--- Exercise brief ---
Restate word for word the lines of the material below, from the line with "(h, k) -> (k <= b)%N]) /\" to the line with "(forall a b", both lines included, and no others.

*** The records Section Begins ***

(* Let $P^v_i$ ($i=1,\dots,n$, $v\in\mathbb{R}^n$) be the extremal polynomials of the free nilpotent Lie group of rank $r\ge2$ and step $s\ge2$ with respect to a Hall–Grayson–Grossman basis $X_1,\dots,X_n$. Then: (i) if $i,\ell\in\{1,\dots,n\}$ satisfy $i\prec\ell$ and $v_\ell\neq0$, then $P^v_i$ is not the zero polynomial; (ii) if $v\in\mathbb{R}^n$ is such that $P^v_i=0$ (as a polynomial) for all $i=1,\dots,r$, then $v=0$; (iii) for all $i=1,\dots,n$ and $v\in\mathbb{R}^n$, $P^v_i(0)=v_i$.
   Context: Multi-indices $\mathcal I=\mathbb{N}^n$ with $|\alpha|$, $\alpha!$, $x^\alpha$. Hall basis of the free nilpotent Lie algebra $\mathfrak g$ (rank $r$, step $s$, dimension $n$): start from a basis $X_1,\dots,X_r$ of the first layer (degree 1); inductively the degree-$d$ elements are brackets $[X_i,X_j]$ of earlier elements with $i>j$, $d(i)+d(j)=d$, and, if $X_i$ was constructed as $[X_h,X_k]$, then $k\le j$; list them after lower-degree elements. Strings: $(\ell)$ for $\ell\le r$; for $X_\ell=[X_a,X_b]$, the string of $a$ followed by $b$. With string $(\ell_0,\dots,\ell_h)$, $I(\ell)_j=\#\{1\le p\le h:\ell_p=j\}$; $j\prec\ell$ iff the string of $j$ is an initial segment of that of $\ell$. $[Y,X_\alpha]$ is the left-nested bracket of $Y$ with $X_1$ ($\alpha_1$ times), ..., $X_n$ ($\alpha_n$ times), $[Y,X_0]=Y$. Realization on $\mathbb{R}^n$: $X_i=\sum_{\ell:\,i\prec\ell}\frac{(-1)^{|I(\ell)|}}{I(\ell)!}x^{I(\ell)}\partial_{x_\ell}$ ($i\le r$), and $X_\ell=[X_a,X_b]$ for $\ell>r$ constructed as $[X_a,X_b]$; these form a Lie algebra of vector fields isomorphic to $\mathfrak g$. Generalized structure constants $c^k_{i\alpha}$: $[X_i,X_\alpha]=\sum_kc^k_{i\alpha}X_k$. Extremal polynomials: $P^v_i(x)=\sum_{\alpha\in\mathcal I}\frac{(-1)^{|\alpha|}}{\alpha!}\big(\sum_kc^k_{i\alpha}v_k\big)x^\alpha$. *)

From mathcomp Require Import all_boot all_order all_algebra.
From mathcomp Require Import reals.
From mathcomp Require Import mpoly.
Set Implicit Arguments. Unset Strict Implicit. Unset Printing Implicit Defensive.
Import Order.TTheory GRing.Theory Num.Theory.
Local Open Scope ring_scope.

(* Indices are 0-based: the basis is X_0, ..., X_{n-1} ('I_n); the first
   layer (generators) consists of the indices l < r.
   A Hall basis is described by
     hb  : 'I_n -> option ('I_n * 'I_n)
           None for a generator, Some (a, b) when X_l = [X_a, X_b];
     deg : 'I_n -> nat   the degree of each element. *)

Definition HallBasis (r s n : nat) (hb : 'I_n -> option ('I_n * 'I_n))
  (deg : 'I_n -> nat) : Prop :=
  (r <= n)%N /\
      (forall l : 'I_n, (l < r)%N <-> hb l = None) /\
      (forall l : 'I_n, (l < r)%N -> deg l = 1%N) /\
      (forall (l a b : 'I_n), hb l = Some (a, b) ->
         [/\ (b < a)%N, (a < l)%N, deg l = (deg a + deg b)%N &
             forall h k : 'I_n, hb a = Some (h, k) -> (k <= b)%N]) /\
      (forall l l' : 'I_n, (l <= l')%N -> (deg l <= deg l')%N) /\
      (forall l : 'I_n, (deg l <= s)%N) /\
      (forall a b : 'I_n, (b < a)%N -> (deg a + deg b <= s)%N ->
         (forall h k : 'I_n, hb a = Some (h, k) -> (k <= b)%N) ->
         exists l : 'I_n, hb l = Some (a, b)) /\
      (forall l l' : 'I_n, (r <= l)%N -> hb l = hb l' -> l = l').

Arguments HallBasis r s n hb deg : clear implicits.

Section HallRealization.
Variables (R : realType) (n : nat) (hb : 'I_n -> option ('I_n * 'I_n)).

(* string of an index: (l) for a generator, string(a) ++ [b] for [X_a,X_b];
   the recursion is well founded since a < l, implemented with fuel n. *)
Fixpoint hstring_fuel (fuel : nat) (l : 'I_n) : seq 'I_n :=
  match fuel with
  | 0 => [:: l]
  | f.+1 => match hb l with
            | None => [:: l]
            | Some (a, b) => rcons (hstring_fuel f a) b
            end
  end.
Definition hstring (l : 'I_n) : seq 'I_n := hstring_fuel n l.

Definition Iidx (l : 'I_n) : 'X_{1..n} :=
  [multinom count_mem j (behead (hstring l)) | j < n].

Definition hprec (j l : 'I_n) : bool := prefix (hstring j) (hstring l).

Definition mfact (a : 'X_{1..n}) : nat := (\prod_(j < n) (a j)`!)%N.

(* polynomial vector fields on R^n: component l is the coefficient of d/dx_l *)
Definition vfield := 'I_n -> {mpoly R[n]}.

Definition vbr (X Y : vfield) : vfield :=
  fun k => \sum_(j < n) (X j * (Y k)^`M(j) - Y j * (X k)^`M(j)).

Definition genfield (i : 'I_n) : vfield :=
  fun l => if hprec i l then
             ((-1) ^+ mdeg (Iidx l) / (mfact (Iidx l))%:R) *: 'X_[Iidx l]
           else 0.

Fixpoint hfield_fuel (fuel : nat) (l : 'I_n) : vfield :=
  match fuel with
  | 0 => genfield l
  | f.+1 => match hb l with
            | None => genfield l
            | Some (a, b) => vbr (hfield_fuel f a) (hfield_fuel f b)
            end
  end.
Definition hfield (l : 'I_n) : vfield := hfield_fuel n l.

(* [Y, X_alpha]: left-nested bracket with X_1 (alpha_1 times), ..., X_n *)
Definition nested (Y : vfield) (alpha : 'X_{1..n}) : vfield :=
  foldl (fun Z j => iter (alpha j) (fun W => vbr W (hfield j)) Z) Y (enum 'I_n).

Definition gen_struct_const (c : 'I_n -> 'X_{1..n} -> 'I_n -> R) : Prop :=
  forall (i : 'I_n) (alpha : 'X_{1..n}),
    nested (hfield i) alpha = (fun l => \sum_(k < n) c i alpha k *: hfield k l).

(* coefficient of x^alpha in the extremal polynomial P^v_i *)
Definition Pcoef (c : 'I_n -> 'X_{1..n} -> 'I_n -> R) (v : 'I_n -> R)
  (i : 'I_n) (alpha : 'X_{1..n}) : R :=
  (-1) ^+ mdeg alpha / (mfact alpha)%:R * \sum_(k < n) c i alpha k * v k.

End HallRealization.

*** The records Section Ends ***
*** The records Section Begins ***

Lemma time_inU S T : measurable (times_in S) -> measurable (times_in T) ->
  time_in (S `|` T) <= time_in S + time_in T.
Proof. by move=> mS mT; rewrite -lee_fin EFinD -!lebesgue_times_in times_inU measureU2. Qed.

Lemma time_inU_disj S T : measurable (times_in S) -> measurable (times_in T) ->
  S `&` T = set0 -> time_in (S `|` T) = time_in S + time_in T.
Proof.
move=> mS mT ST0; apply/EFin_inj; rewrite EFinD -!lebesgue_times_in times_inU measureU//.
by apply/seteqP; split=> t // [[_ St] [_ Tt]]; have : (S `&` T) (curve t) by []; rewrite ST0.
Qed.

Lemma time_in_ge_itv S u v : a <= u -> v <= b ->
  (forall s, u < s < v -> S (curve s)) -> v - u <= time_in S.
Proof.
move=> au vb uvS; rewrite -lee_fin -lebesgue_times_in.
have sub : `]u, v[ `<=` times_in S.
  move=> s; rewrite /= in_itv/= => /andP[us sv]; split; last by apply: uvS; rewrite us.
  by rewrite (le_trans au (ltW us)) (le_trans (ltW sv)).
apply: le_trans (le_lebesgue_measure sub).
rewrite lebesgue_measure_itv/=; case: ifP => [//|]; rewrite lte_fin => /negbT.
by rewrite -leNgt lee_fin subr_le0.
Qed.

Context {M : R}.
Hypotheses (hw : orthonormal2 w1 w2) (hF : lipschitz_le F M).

*** The records Section Ends ***

--- Finished task ---
             forall h k : 'I_n, hb a = Some (h, k) -> (k <= b)%N]) /\
      (forall l l' : 'I_n, (l <= l')%N -> (deg l <= deg l')%N) /\
      (forall l : 'I_n, (deg l <= s)%N) /\
      (forall a b : 'I_n, (b < a)%N -> (deg a + deg b <= s)%N ->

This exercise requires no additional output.